Zwölf Mädchen vom Giesinger Mädchentreff und vom Freizeittreff 103er testeten im Rahmen des Osterferienprogramms zum Thema „Menschen mit Körper- und Sinnesbehinderung“ am 7.4.2010 ihren Stadtteil auf Barrierefreiheit. Ebenfalls mit dabei war Carmen Muck vom BA 17, die voller Tatendrang den Stadtteilcheck begleitete und selbst erlebte, dass es noch einige Stellen in Obergiesing gibt, die nicht barrierefrei sind.
Beim ersten Stadtteilcheck in Obergiesing hatten die Mädchen erstmal mit dem ganz normalen Gehweg zu kämpfen.

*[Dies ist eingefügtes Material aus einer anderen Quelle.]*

(* Let $A$ be an integral domain with fraction field $K$ and spectrum $S$. Let $F \in A[Y]$ be a nonconstant polynomial, and put $X_F = \mathrm{Spec}(A[Y]/(F))$. (1) For a prime ideal $\mathfrak p$ of $A$, the following are equivalent: (i) $\mathfrak p \in \mathrm{Rel}(X_F/S)$; (ii) the image of $F$ in $\kappa(\mathfrak p)[Y]$ has a root in $\kappa(\mathfrak p)$; (iii) there exist $g \in A \setminus \mathfrak p$ and $b \in A_g$ such that $F(b) \in \mathfrak p A_{\mathfrak p}$. (2) The following are equivalent: (i) $\mathrm{Rel}(X_F/S)$ is dense in $S$; (ii) for every nonzero $g \in A$, there exist $u \in A$ and $b \in A_{ug}$ such that $F(b) \notin A_{ug}^\times$; (iii) for every nonzero $g \in A$, there exist $u \in A$, $b \in A_{ug}$ and $\mathfrak p \in D(ug)$ such that $F(b) \in \mathfrak p A_{\mathfrak p}$.
   Context: For a morphism $f : X \to S$, $\mathrm{Rel}(f)$ (also written $\mathrm{Rel}(X/S)$) is the set of $f(x)$, $x \in X$, such that $\kappa(f(x)) = \kappa(x)$ (trivial residue field extension). For $t \in A$, $A_t$ is the localization at the powers of $t$, and $D(t) = \mathrm{Spec}(A_t) \subset \mathrm{Spec}(A)$. *)

From HB Require Import structures.
From mathcomp Require Import all_boot all_algebra.
From mathcomp Require Import boolp.
From mathcomp Require Export ring_quotient fraction generic_quotient.

Set Implicit Arguments.
Unset Strict Implicit.
Unset Printing Implicit Defensive.

Import GRing.Theory.
Local Open Scope ring_scope.
Local Open Scope quotient_scope.

Notation tofrac := (@FracField.tofrac _).
Notation "x %:F" := (@FracField.tofrac _ x) (format "x %:F").

(* Quotient R/I by a prime ideal as an integral domain (so that its    *)
(* fraction field, the residue field kappa(I), can be formed).         *)
Section PrimeQuotientDomain.
Variables (R : comNzRingType) (I : prime_idealr R).

Definition pquot := {ideal_quot I}.
HB.instance Definition _ := GRing.ComNzRing.on pquot.

Definition pq_unit : {pred pquot} := fun x => `[< exists y : pquot, y * x = 1 >].
Definition pq_inv (x : pquot) : pquot :=
  match pselect (exists y : pquot, y * x = 1) with
  | left h => projT1 (cid h)
  | right _ => x
  end.

Lemma pq_mulVx : {in pq_unit, left_inverse 1 pq_inv *%R}.
Proof.
move=> x /asboolP hx; rewrite /pq_inv; case: pselect => // h.
by case: (cid h).
Qed.

Lemma pq_unitPl : forall x y : pquot, y * x = 1 -> pq_unit x.
Proof. by move=> x y h; apply/asboolP; exists y. Qed.

Lemma pq_invr_out : {in [predC pq_unit], pq_inv =1 id}.
Proof.
move=> x; rewrite inE => /asboolPn hx; rewrite /pq_inv.
by case: pselect.
Qed.

HB.instance Definition _ :=
  GRing.ComNzRing_hasMulInverse.Build pquot pq_mulVx pq_unitPl pq_invr_out.

Lemma pq_integral : GRing.integral_domain_axiom pquot.
Proof. move=> x y; exact: Quotient.rquot_IdomainAxiom. Qed.

HB.instance Definition _ := GRing.ComUnitRing_isIntegral.Build pquot pq_integral.

Definition kappa := {fraction pquot}.

Definition to_kappa (a : R) : kappa := @FracField.tofrac pquot (\pi_({ideal_quot I}) a).

End PrimeQuotientDomain.

(* Points of X_F = Spec(A[Y]/(F)) are the primes q of A[Y] with F in q;*)
(* the structure map sends q to its contraction q ∩ A.                 *)
Section Rel.
Variable A : idomainType.

Definition lies_over (q : prime_idealr {poly A}) (p : prime_idealr A) : Prop :=
  forall a : A, (a%:P \in q) = (a \in p).

Definition trivial_residue_ext (q : prime_idealr {poly A}) (p : prime_idealr A)
  : Prop :=
  forall z : kappa q, exists a s : A,
    s \notin p /\ z = to_kappa q a%:P / to_kappa q s%:P.

Definition Rel (F : {poly A}) (p : prime_idealr A) : Prop :=
  exists q : prime_idealr {poly A},
    [/\ F \in q, lies_over q p & trivial_residue_ext q p].

Definition res_has_root (F : {poly A}) (p : prime_idealr A) : Prop :=
  exists x : kappa p, root (map_poly (to_kappa p) F) x.

(* Zariski topology on S: the open set S \ V(E) for E ⊆ A *)
Definition zopen (E : A -> Prop) (p : prime_idealr A) : Prop :=
  exists e, E e /\ e \notin p.

Definition zdense (P : prime_idealr A -> Prop) : Prop :=
  forall E : A -> Prop, (exists p, zopen E p) -> exists p, zopen E p /\ P p.

(* Localizations are realised inside the fraction field K = {fraction A}. *)
Local Notation K := {fraction A}.

(* For t = 0, A_0 is the zero
   ring, which does not embed in K; we then declare nothing to be in A_0
   (the clauses of the theorem using A_{ug} are false for
   ug = 0 in the original statement as well). *)
Definition in_loc (t : A) (b : K) : Prop :=
  t != 0 /\ exists (a : A) (n : nat), b = a%:F / (t ^+ n)%:F.

Definition loc_unit (t : A) (x : K) : Prop :=
  in_loc t x /\ exists y, in_loc t y /\ x * y = 1.

Definition in_pAp (p : prime_idealr A) (x : K) : Prop :=
  exists a s : A, [/\ a \in p, s \notin p & x = a%:F / s%:F].

Definition evalK (F : {poly A}) (b : K) : K := (map_poly (@FracField.tofrac A) F).[b].

End Rel.

(* Part (1): a point q of X_F over p with kappa(q) = kappa(p) amounts to a
   kappa(p)-rational root of F: the image of Y in kappa(q) is such a root, and
   conversely a root a/s gives q as the kernel of A[Y] -> kappa(p), Y |-> a/s.
   Clearing denominators, a root a/s of F modulo p means s \notin p and
   s^(deg F) F(a/s) \in p, which is condition (iii) with g = s.
   Part (2): Rel is dense iff it meets every D(g), i.e. by (1) iff (iii) holds.
   An element of A_t lies in pA_p for some p in D(t) iff it is not a unit of
   A_t; the nontrivial direction is Krull's lemma that an ideal avoiding the
   powers of t lies in a prime avoiding them, proved with Zorn's lemma. *)

From HB Require Import structures.
From mathcomp Require Import all_boot all_algebra.
From mathcomp Require Import boolp ring.
From mathcomp Require classical_sets.

Set Implicit Arguments.
Unset Strict Implicit.
Unset Printing Implicit Defensive.

Import GRing.Theory.
Local Open Scope ring_scope.
Local Open Scope quotient_scope.

Lemma fraction_repr (R : idomainType) (x : {fraction R}) :
  exists a b : R, b != 0 /\ x = a%:F / b%:F.
Proof.
rewrite -[x]reprK; set r := repr x.
have d0 : \d_r != 0 := denom_ratioP r.
exists \n_r, \d_r; split=> //.
apply: (@mulIf _ (\d_r)%:F); first by rewrite tofrac_eq0.
rewrite mulfVK ?tofrac_eq0 //; unlock FracField.tofrac.
rewrite -[_ * _]FracField.pi_mul; apply/eqmodP.
rewrite /= FracField.equivfE /FracField.mulf /=.
by rewrite !numden_Ratio ?mulf_neq0 ?oner_neq0 // !mulr1 mulrC.
Qed.

Section PrimeComplement.
Variables (R : comNzRingType) (p : prime_idealr R).

Lemma notin_primeM s t : s \notin p -> t \notin p -> s * t \notin p.
Proof. by move=> sp tp; rewrite prime_idealrM negb_or sp tp. Qed.

Lemma notin_primeX s n : s \notin p -> s ^+ n \notin p.
Proof.
move=> sp; elim: n => [|n IHn]; first by rewrite expr0 idealr1.
by rewrite exprS notin_primeM.
Qed.

Lemma notin_prime_neq0 s : s \notin p -> s != 0.
Proof. by apply: contra => /eqP ->; exact: idealr0. Qed.

End PrimeComplement.

Record prime_pred (R : comNzRingType) (P : R -> Prop) : Prop := PrimePred {
  prime_pred0 : P 0;
  prime_pred1 : ~ P 1;
  prime_predD : forall x y, P x -> P y -> P (x + y);
  prime_predMl : forall a x, P x -> P (a * x);
  prime_predM : forall x y, P (x * y) -> P x \/ P y }.

Section PrimeOfPred.
Variables (R : comNzRingType) (P : R -> Prop) (hP : prime_pred P).

Definition prime_of_pred_mem : {pred R} := fun x => `[< P x >].

Lemma prime_of_pred_ideal : idealr_closed prime_of_pred_mem.
Proof.
split; first exact/asboolP/(prime_pred0 hP).
  exact/asboolP/(prime_pred1 hP).
move=> a u v /asboolP Pu /asboolP Pv; apply/asboolP.
by apply: (prime_predD hP) => //; apply: (prime_predMl hP).
Qed.

HB.instance Definition _ := isIdealr.Build R prime_of_pred_mem prime_of_pred_ideal.

Lemma prime_of_pred_prime : prime_idealr_closed prime_of_pred_mem.
Proof.
by move=> u v /asboolP/(prime_predM hP) [] ?; apply/orP; [left|right]; apply/asboolP.
Qed.

HB.instance Definition _ :=
  isPrimeIdealrClosed.Build R prime_of_pred_mem prime_of_pred_prime.

Definition prime_of_pred : prime_idealr R :=
  PrimeIdealr.clone R prime_of_pred_mem _.

Lemma prime_of_predE x : (x \in prime_of_pred) = `[< P x >].
Proof. by []. Qed.

End PrimeOfPred.

Section KernelPrime.
Variables (R : comNzRingType) (L : idomainType) (f : {rmorphism R -> L}).

Lemma kernel_prime_pred : prime_pred (fun x => f x = 0).
Proof.
split=> [||x y|a x|x y]; first exact: rmorph0.
- by rewrite rmorph1; apply/eqP; exact: oner_neq0.
- by move=> fx fy; rewrite rmorphD fx fy addr0.
- by move=> fx; rewrite rmorphM fx mulr0.
- by rewrite rmorphM => /eqP; rewrite mulf_eq0 => /orP[] /eqP; [left|right].
Qed.

Definition kernel_prime := prime_of_pred kernel_prime_pred.

Lemma kernel_primeE x : (x \in kernel_prime) = (f x == 0).
Proof. by rewrite prime_of_predE; apply/asboolP/eqP. Qed.

End KernelPrime.

Section PrimeAvoidingPowers.
Variables (R : comNzRingType) (N w : R).

Record avoiding_ideal (X : R -> Prop) : Prop := AvoidingIdeal {
  avoidingD : forall x y, X x -> X y -> X (x + y);
  avoidingMl : forall a x, X x -> X (a * x);
  avoidingN : X N;
  avoiding_powers : forall k, ~ X (w ^+ k) }.

Lemma avoiding_ideal0 X : avoiding_ideal X -> X 0.
Proof. by move=> [_ XM XN _]; rewrite -(mul0r N); apply: XM. Qed.

Hypothesis N_w : forall c k, N * c <> w ^+ k.

Lemma avoiding_ideal_principal : avoiding_ideal (fun x => exists c, x = N * c).
Proof.
split.
- by move=> _ _ [c ->] [d ->]; exists (c + d); rewrite mulrDr.
- by move=> a _ [c ->]; exists (a * c); rewrite mulrCA.
- by exists 1; rewrite mulr1.
- by move=> k [c /esym/N_w].
Qed.

Lemma maximal_avoiding_ideal : exists M, avoiding_ideal M /\
  forall B, classical_sets.proper M B -> ~ avoiding_ideal B.
Proof.
(* The empty set is the union of the empty chain, hence the nonemptiness guard. *)
pose P X := (exists x, X x) -> avoiding_ideal X.
have [M [PM M_max]] : exists M, P M /\
    forall B, classical_sets.proper M B -> ~ P B.
  apply: classical_sets.Zorn_bigcup => C CP C_chain [x [X CX Xx]].
  have av Y y : C Y -> Y y -> avoiding_ideal Y.
    by move=> CY Yy; apply: CP CY _; exists y.
  split.
  - move=> a b [Y CY Ya] [Z CZ Zb].
    have [YZ|ZY] := C_chain Y Z CY CZ.
      by exists Z => //; apply: (avoidingD (av Z b CZ Zb)) => //; apply: YZ.
    by exists Y => //; apply: (avoidingD (av Y a CY Ya)) => //; apply: ZY.
  - by move=> r a [Y CY Ya]; exists Y => //; apply: (avoidingMl (av Y a CY Ya)).
  - by exists X => //; apply: (avoidingN (av X x CX Xx)).
  - by move=> k [Y CY Yk]; apply: (avoiding_powers (av Y _ CY Yk)) Yk.
have M_ne : exists x, M x.
  apply: contrapT => M0; apply: (M_max _ _ (fun _ => avoiding_ideal_principal)).
  split=> [t Mt|MN]; first by case: M0; exists t.
  by apply: M0; exists N; apply: MN; exists 1; rewrite mulr1.
exists M; split=> [|B MB avB]; first exact: PM M_ne.
by apply: (M_max B MB) => _.
Qed.

Variable M : R -> Prop.
Hypotheses (M_avoiding : avoiding_ideal M)
  (M_maximal : forall B, classical_sets.proper M B -> ~ avoiding_ideal B).

Lemma maximal_avoiding_extend z : ~ M z ->
  exists k m r, M m /\ w ^+ k = m + r * z.
Proof.
move=> Mz; apply: contrapT => no_power.
pose B t := exists m r, M m /\ t = m + r * z.
apply: (M_maximal (B := B)).
  split=> [t Mt|BM]; first by exists t, 0; rewrite mul0r addr0.
  apply: Mz; apply: BM; exists 0, 1; rewrite add0r mul1r.
  by split=> //; apply: avoiding_ideal0.
have [MD MM MN _] := M_avoiding.
split.
- move=> _ _ [m1 [r1 [M1 ->]]] [m2 [r2 [M2 ->]]]; exists (m1 + m2), (r1 + r2).
  by split; [exact: MD | rewrite mulrDl addrACA].
- move=> a _ [m [r [Mm ->]]]; exists (a * m), (a * r).
  by split; [exact: MM | rewrite mulrDr mulrA].
- by exists N, 0; rewrite mul0r addr0.
- by move=> k [m [r [Mm e]]]; apply: no_power; exists k, m, r.
Qed.

Lemma maximal_avoiding_prime x y : M (x * y) -> M x \/ M y.
Proof.
move=> Mxy; apply: contrapT => /not_orP[Mx My].
have [i [m1 [r1 [M1 e1]]]] := maximal_avoiding_extend Mx.
have [j [m2 [r2 [M2 e2]]]] := maximal_avoiding_extend My.
have [MD MM _ Mw] := M_avoiding.
apply: (Mw (i + j)%N).
have -> : w ^+ (i + j) = (m2 + r2 * y) * m1 + (r1 * x) * m2 + (r1 * r2) * (x * y).
  by rewrite exprD e1 e2; ring.
exact: MD _ _ (MD _ _ (MM _ _ M1) (MM _ _ M2)) (MM _ _ Mxy).
Qed.
Lemma closest_min (P : seq V) v : P != [::] ->
  closest d P v \in P /\ forall y, y \in P -> d v (closest d P v) <= d v y.
Proof.
case: P => // y P _; have [mem_c min_c] := foldl_argmin (d v) (y :: P) y.
rewrite /closest; change (head v (y :: P)) with y.
split; first by move: mem_c; rewrite inE => /orP[/eqP->|]; rewrite ?mem_head.
by move=> z zP; apply: min_c; rewrite inE zP orbT.
Qed.

Lemma dbar_closestE (w : V -> R) (P : seq V) p : uniq P -> P != [::] ->
  dbar d w P p = \sum_u w u * d (closest d P u) p.
Proof.
move=> P_uniq P_nil; rewrite /dbar /branch_w.
under eq_bigr => q _ do rewrite big_mkcond mulr_suml.
rewrite exchange_big /=; apply: eq_bigr => u _.
have [closest_in _] := closest_min u P_nil.
rewrite (bigD1_seq (closest d P u)) //= eqxx big1_seq ?addr0 //.
by move=> q /andP[q_neq _]; rewrite eq_sym (negbTE q_neq) mul0r.
Qed.

Lemma sum_w_dbar_closest (w : V -> R) (P : seq V) : uniq P -> P != [::] ->
  \sum_v w v * dbar d w P (closest d P v) =
  \sum_v \sum_u w v * w u * d (closest d P u) (closest d P v).
Proof.
move=> P_uniq P_nil; apply: eq_bigr => v _.
by rewrite dbar_closestE // mulr_sumr; apply: eq_bigr => u _; rewrite mulrA.
Qed.

Fixpoint iota_down (a n : nat) : seq nat :=
  if n is n'.+1 then a.-1 :: iota_down a.-1 n' else [::].

Lemma mem_iota_down a n j : (n <= a)%N -> j \in iota_down a n -> (a - n <= j < a)%N.
Proof.
elim: n a => [//|n IH] a le_na /=; rewrite inE => /orP[/eqP->|/IH]; first lia.
by move=> H; have := H ltac:(lia); lia.
Qed.

Section AlongPath.
Hypothesis e_sym : symmetric e.
Hypothesis len_sym : forall x y, len x y = len y x.
Variables (x0 : V) (rs : seq V).
Hypotheses (R_path : path e x0 rs) (R_uniq : uniq (x0 :: rs)).
Local Notation Rs := (x0 :: rs).
Local Notation m := (size Rs).
Definition node (i : nat) : V := nth x0 Rs i.
Arguments node : simpl never.

Definition arc (t : nat) : R := \sum_(i < t) len (node i) (node i.+1).

Lemma node_edge t : (t.+1 < m)%N -> e (node t) (node t.+1).
Proof. by move=> lt_tm; apply: (pathP x0 R_path). Qed.

Lemma node_inj i j : (i < m)%N -> (j < m)%N -> node i = node j -> i = j.
Proof. by move=> lt_im lt_jm /eqP; rewrite /node nth_uniq // => /eqP. Qed.

Lemma mem_node i : node i \in Rs.
Proof.
by rewrite /node; case: (ltnP i m) => [/mem_nth->|/(nth_default x0)->]; rewrite ?mem_head.
Qed.

Lemma arcS t : arc t.+1 = arc t + len (node t) (node t.+1).
Proof. by rewrite /arc big_ord_recr. Qed.

Lemma arc_lt i j : (i < j)%N -> (j < m)%N -> arc i < arc j.
Proof.
elim: j => [//|j IH] lt_ij lt_jm; rewrite arcS.
have len_gt0 := len_pos (node_edge lt_jm).
move: lt_ij; rewrite ltnS leq_eqVlt => /orP[/eqP->|lt_ij]; first by rewrite ltrDl.
by apply: lt_trans (IH lt_ij (ltnW lt_jm)) _; rewrite ltrDl.
Qed.

Lemma arc_le i j : (i <= j)%N -> (j < m)%N -> arc i <= arc j.
Proof. by rewrite leq_eqVlt => /orP[/eqP->//|lt_ij lt_jm]; rewrite ltW ?arc_lt. Qed.

Lemma iota_up_spec a n : (a + n < m)%N ->
  [/\ path e (node a) (map node (iota a.+1 n)),
      uniq (node a :: map node (iota a.+1 n)),
      last (node a) (map node (iota a.+1 n)) = node (a + n) &
      walk_len len (node a) (map node (iota a.+1 n)) = arc (a + n) - arc a].
Proof.
move=> lt_anm; split.
- elim: n a lt_anm => [//|n IH] a lt_anm /=.
  rewrite node_edge; last by lia.
  by apply: IH; lia.
- rewrite -[_ :: _]/(map node (iota a n.+1)) map_inj_in_uniq ?iota_uniq //.
  by move=> i j; rewrite !mem_iota => hi hj; apply: node_inj; lia.
- by elim: n a {lt_anm} => [|n IH] a /=; rewrite ?addn0 ?IH ?addSnnS.
- elim: n a {lt_anm} => [|n IH] a /=; first by rewrite walk_len_nil addn0 subrr.
  by rewrite walk_len_cons IH arcS addSnnS; ring.
Qed.

Lemma iota_down_spec a n : (n <= a)%N -> (a < m)%N ->
  [/\ path e (node a) (map node (iota_down a n)),
      uniq (node a :: map node (iota_down a n)),
      last (node a) (map node (iota_down a n)) = node (a - n) &
      walk_len len (node a) (map node (iota_down a n)) = arc a - arc (a - n)].
Proof.
move=> le_na lt_am; split.
- elim: n a le_na lt_am => [//|n IH] a le_na lt_am /=.
  rewrite IH ?andbT; try lia.
  by rewrite e_sym (_ : a = a.-1.+1) ?node_edge; lia.
- rewrite -[_ :: _]/(map node (a :: iota_down a n)) map_inj_in_uniq.
    elim: n a le_na lt_am => [//|n IH] a le_na lt_am.
    rewrite [iota_down _ _]/= cons_uniq IH ?andbT; try lia; rewrite inE negb_or.
    apply/andP; split; first lia.
    by apply/negP => /mem_iota_down H; have := H ltac:(lia); lia.
  move=> i j; rewrite !inE => /orP[/eqP->|/mem_iota_down hi]
    /orP[/eqP->|/mem_iota_down hj]; apply: node_inj => //;
    try (by have := hi le_na; lia); by have := hj le_na; lia.
- elim: n a le_na {lt_am} => [|n IH] a le_na /=; first by rewrite subn0.
  by rewrite IH; [congr node; lia | lia].
- elim: n a le_na {lt_am} => [|n IH] a le_na /=; first by rewrite walk_len_nil subn0 subrr.
  rewrite walk_len_cons IH; last by lia.
  have a_eq : a = a.-1.+1 by lia.
  rewrite [in arc a]a_eq arcS -a_eq len_sym.
  by rewrite (_ : (a - n.+1 = a.-1 - n)%N); [ring | lia].
Qed.

Definition segment (i j : nat) : seq V :=
  if (i <= j)%N then map node (iota i.+1 (j - i)) else map node (iota_down i (i - j)).

Lemma segment_spec i j : (i < m)%N -> (j < m)%N ->
  [/\ path e (node i) (segment i j), uniq (node i :: segment i j),
      last (node i) (segment i j) = node j &
      walk_len len (node i) (segment i j) = `|arc j - arc i|].
Proof.
move=> lt_im lt_jm; rewrite /segment; case: (leqP i j) => [le_ij | lt_ji].
  have := @iota_up_spec i (j - i).
  by rewrite subnKC // ger0_norm ?subr_ge0 ?arc_le //; apply.
have le_ji := ltnW lt_ji; have := @iota_down_spec i (i - j).
rewrite subKn // ler0_norm ?opprB ?subr_le0 ?arc_le //.
by apply; rewrite ?leq_subr.
Qed.

Lemma dist_node i j : (i < m)%N -> (j < m)%N -> d (node i) (node j) = `|arc j - arc i|.
Proof.
move=> lt_im lt_jm; have [seg_path seg_uniq seg_last seg_len] := segment_spec lt_im lt_jm.
by rewrite -seg_last d_tree.
Qed.

Lemma segment_subset i j : {subset segment i j <= Rs}.
Proof. by rewrite /segment => y; case: ifP => _ /mapP[k _ ->]; apply: mem_node. Qed.

Definition foot (v : V) : nat :=
  Order.arg_min (ord0 : 'I_m) xpredT (fun i => d v (node i)).

Lemma foot_lt v : (foot v < m)%N.
Proof. exact: ltn_ord. Qed.

Lemma foot_min v i : (i < m)%N -> d v (node (foot v)) <= d v (node i).
Proof.
move=> lt_im; rewrite /foot; case: arg_minP => // c _ c_min.
exact: (c_min (Ordinal lt_im)).
Qed.

(* A vertex of R met strictly before the end of the path would be strictly nearer
   to v than the foot. *)
Lemma path_to_foot_avoids_path v s y :
  path e v s -> uniq (v :: s) -> last v s = node (foot v) ->
  y \in v :: s -> y \in Rs -> y = node (foot v).
Proof.
move=> s_path s_uniq s_last y_s y_R.
have [j lt_jm y_eq] : exists2 j, (j < m)%N & y = node j.
  by exists (index y Rs); rewrite ?index_mem /node ?nth_index.
move: s_path s_uniq s_last; case/splitPl: y_s => s1 [|z s2] s1_last;
  first by rewrite cats0 => _ _ <-.
move=> s_path s_uniq s_last.
move: (s_path); rewrite cat_path => /andP[s1_path s2_path].
have s1_uniq : uniq (v :: s1) by move: s_uniq; rewrite -cat_cons cat_uniq => /andP[].
have := foot_min v lt_jm; rewrite -s_last (d_tree s_path s_uniq) -y_eq -s1_last.
by rewrite (d_tree s1_path s1_uniq) walk_len_cat gerDl leNgt walk_len_gt0.
Qed.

Die leichte Schräge zur Straße hin ist super, wenn es regnet und das Wasser abfließen kann, wenn man jedoch mit einem Rollstuhl unterwegs ist, bedeutet es vor allem viel Kraftaufwand beim Gegensteuern. Doch nach einer kurzen Gewöhnungsphase rollten die Mädchen immer schneller vorwärts und hatten auch bei den nächsten Straßenübergängen kein Problem, denn alles ist schön abgeflacht. Doch was für die einen perfekt ist kann für andere, in diesem Fall Blinde und Sehbeeinträchtigte, zur Gefahr werden. Denn komplett abgesenkte Bordsteine sind mit dem Blindenlangstock nicht fühlbar, so dass man nicht merkt, dass man schon auf der Straße steht. Deswegen hat man z.B. im Behindertenbeirat der Stadt München den Kompromiss geschlossen, dass die Bordsteine an Übergängen auf 3 cm abgeflacht werden – überwindbar für Rollis, tastbar für Blinde. Die Umsetzung dieses Beschlusses ist in Obergiesing notwendig an der Landlstraße Ecke Rottachstraße, an der Kreuzung Deisenhofener Straße Herzogstandstraße und an der Raintaler Straße Ecke Deisenhofener Straße.
Ein weiteres Hindernis für Blinde stellten die Mädchen an zwei Ampelanlagen fest: an der Kreuzung Deisenhofener Straße Herzogstandstraße und an der Kreuzung Deisenhofener Straße Tegernseer Landstraße. Diese sind nicht mit einem taktil-akustischen Signal ausgestattet, welches durch Tick-Geräusche den Standort anzeigt und durch einen vibrierenden Pfeil an der Unterseite des „gelben Kästchens“ vermittelt, wann es grün ist. Ohne ein solches Signal müssen sich Blinde und stark Sehbeeinträchtigte allein auf ihr Gehör verlassen, um am Motorengeräusch der fahrenden und stehenden Autos zu erkennen, wann sie sicher die Straße überqueren können. Durch den hohen Geräuschpegel an den viel befahrenen Straßen war dies für die beteiligten Mädchen jedoch unmöglich.
Einer der Höhepunkte des Stadtteilchecks war sicherlich die U-Bahn-Fahrt von der Silberhornstraße zur Untersbergstraße, auch wenn der Weg in das Untergeschoss einige Hürden beinhaltete. So ist der Aufzug an der Silberhornstraße, um von der Oberfläche ins Sperrengeschoß zu gelangen, in die Fassade eines Gebäudes eingebaut und nur sehr schwer auffindbar. Ein großes Schild in kontrastreichen Farben – blauer Hintergrund mit weißer Schrift – eignet sich besonders gut, um einfache Abhilfe schaffen. Den kaputten Aufzug vom Sperrengeschoß zum Bahnsteig an der Silberhornstraße konnten die Teilnehmerinnen nur überwinden, indem sie ihre Rollstühle unter den Arm nahmen und die Treppe hinunter trugen, ein Glück, welches „wirklichen“ Menschen im Rollstuhl nicht vergönnt ist.
Am Ende des erlebnisreichen Stadtteilchecks kauften die Mädchen noch das Essen für den darauf folgenden Tag ein, an dem es hieß „Essen im Dunkeln“ – ein weiteres Projekt des Kreisjugendring München-Stadt. Eine detaillierte Auflistung der getesteten Stellen in Obergiesing wird an den BA 17 übergeben um im Sinne der Nachhaltigkeit bauliche Veränderungen anzustoßen.